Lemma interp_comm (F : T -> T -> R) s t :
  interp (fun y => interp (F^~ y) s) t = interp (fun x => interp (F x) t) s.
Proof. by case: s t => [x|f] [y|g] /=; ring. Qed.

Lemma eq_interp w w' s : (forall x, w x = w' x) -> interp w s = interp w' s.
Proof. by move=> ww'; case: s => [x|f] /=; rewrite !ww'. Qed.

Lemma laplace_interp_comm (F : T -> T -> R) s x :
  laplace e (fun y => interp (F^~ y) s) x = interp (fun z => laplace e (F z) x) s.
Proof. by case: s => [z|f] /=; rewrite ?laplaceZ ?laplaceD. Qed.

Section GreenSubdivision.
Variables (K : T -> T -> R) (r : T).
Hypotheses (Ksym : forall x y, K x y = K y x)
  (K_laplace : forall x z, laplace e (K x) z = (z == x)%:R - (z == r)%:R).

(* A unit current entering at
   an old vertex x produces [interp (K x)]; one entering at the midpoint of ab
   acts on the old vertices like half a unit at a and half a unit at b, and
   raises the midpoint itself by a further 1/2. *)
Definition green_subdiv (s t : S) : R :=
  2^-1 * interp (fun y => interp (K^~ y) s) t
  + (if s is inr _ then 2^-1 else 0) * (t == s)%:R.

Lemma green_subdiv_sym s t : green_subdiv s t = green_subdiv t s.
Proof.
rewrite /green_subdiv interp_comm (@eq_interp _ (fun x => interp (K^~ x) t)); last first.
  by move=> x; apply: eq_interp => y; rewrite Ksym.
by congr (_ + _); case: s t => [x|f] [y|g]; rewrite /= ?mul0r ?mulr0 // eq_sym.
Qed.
□ □ □ □
● **Problem statement**
Reproduce exactly the entries above, limited to the lines from the one with "(* A unit current entering at" through the one with "by move=> x;", both included.

● **Answer section**
(* A unit current entering at
   an old vertex x produces [interp (K x)]; one entering at the midpoint of ab
   acts on the old vertices like half a unit at a and half a unit at b, and
   raises the midpoint itself by a further 1/2. *)
Definition green_subdiv (s t : S) : R :=
  2^-1 * interp (fun y => interp (K^~ y) s) t
  + (if s is inr _ then 2^-1 else 0) * (t == s)%:R.

Lemma green_subdiv_sym s t : green_subdiv s t = green_subdiv t s.
Proof.
rewrite /green_subdiv interp_comm (@eq_interp _ (fun x => interp (K^~ x) t)); last first.
  by move=> x; apply: eq_interp => y; rewrite Ksym.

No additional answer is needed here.